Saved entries
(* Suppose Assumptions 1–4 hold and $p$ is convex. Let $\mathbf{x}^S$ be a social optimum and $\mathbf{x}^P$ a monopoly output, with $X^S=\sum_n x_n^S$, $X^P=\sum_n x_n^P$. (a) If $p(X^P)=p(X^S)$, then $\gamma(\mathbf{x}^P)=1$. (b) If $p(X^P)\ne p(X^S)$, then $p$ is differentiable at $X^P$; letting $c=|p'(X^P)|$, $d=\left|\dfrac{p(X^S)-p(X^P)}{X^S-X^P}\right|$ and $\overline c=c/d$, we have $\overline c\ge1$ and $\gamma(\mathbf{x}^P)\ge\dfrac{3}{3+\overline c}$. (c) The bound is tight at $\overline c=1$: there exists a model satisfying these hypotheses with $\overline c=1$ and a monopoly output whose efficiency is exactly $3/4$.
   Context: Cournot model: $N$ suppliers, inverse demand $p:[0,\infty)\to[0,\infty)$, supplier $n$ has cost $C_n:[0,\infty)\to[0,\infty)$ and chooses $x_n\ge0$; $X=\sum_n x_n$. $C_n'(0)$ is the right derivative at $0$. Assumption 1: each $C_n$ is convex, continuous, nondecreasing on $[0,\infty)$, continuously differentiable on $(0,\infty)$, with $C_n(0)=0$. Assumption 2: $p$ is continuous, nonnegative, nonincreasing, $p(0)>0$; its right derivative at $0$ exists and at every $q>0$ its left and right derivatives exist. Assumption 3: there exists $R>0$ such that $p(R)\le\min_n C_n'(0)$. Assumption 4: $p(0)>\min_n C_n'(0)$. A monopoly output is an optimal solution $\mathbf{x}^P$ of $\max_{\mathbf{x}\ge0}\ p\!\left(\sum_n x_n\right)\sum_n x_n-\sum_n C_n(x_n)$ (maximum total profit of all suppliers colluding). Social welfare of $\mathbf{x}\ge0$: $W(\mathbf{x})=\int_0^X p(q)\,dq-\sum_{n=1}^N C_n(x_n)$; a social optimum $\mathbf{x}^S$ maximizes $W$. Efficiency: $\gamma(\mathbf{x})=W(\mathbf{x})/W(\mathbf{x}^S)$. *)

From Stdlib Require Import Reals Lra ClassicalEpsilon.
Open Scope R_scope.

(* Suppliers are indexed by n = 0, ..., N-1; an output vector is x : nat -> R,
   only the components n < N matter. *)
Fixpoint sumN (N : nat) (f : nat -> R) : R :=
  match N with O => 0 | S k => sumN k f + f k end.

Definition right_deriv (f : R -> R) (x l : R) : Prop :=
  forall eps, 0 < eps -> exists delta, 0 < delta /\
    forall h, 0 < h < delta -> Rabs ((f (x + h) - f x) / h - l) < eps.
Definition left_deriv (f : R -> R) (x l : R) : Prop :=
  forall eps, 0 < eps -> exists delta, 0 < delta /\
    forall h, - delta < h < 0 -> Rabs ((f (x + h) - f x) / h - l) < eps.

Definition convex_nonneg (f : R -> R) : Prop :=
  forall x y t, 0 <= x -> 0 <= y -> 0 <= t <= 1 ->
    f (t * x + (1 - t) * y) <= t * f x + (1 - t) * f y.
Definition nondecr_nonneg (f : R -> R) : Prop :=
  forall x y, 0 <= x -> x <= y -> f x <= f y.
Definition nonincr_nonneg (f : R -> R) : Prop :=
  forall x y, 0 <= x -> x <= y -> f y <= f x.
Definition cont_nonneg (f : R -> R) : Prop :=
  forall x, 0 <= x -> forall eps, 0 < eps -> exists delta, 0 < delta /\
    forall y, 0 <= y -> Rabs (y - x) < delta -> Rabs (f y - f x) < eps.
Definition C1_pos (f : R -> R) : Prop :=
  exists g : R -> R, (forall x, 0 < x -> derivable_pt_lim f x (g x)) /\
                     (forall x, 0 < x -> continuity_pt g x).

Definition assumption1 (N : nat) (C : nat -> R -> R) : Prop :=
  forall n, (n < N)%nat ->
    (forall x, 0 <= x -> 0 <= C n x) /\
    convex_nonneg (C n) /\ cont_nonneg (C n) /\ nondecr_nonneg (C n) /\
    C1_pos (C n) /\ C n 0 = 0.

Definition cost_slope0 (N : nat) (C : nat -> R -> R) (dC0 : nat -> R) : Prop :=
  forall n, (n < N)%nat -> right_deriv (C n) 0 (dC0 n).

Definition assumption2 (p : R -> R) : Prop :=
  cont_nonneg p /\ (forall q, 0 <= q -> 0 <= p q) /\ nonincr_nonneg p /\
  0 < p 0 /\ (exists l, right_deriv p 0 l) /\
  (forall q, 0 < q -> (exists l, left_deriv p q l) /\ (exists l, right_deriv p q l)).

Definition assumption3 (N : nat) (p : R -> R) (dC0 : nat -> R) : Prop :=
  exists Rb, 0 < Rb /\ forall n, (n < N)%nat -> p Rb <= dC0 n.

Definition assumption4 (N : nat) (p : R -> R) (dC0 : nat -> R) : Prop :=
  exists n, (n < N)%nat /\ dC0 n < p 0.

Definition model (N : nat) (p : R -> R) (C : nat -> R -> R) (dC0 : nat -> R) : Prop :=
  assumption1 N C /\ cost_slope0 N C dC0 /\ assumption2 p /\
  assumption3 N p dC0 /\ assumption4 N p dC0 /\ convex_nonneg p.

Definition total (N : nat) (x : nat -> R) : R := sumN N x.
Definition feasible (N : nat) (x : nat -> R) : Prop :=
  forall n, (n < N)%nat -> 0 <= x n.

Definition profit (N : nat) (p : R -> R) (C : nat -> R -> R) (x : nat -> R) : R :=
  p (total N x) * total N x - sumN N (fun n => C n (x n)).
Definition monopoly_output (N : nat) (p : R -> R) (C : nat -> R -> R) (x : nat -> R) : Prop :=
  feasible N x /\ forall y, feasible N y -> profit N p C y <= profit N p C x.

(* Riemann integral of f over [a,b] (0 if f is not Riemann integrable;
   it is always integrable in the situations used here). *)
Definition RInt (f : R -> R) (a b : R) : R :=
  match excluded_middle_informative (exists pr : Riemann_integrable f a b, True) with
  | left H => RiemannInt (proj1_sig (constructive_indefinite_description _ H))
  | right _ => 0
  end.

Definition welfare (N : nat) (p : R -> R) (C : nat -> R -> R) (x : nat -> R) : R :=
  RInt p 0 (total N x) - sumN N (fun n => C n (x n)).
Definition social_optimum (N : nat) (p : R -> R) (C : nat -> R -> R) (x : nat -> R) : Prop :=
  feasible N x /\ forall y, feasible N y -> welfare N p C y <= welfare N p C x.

- _Problem to work on_:
Copy each line of the records that has "feasible" in it.

- _Exercise solution_:
Definition feasible (N : nat) (x : nat -> R) : Prop :=
  feasible N x /\ forall y, feasible N y -> profit N p C y <= profit N p C x.
  feasible N x /\ forall y, feasible N y -> welfare N p C y <= welfare N p C x.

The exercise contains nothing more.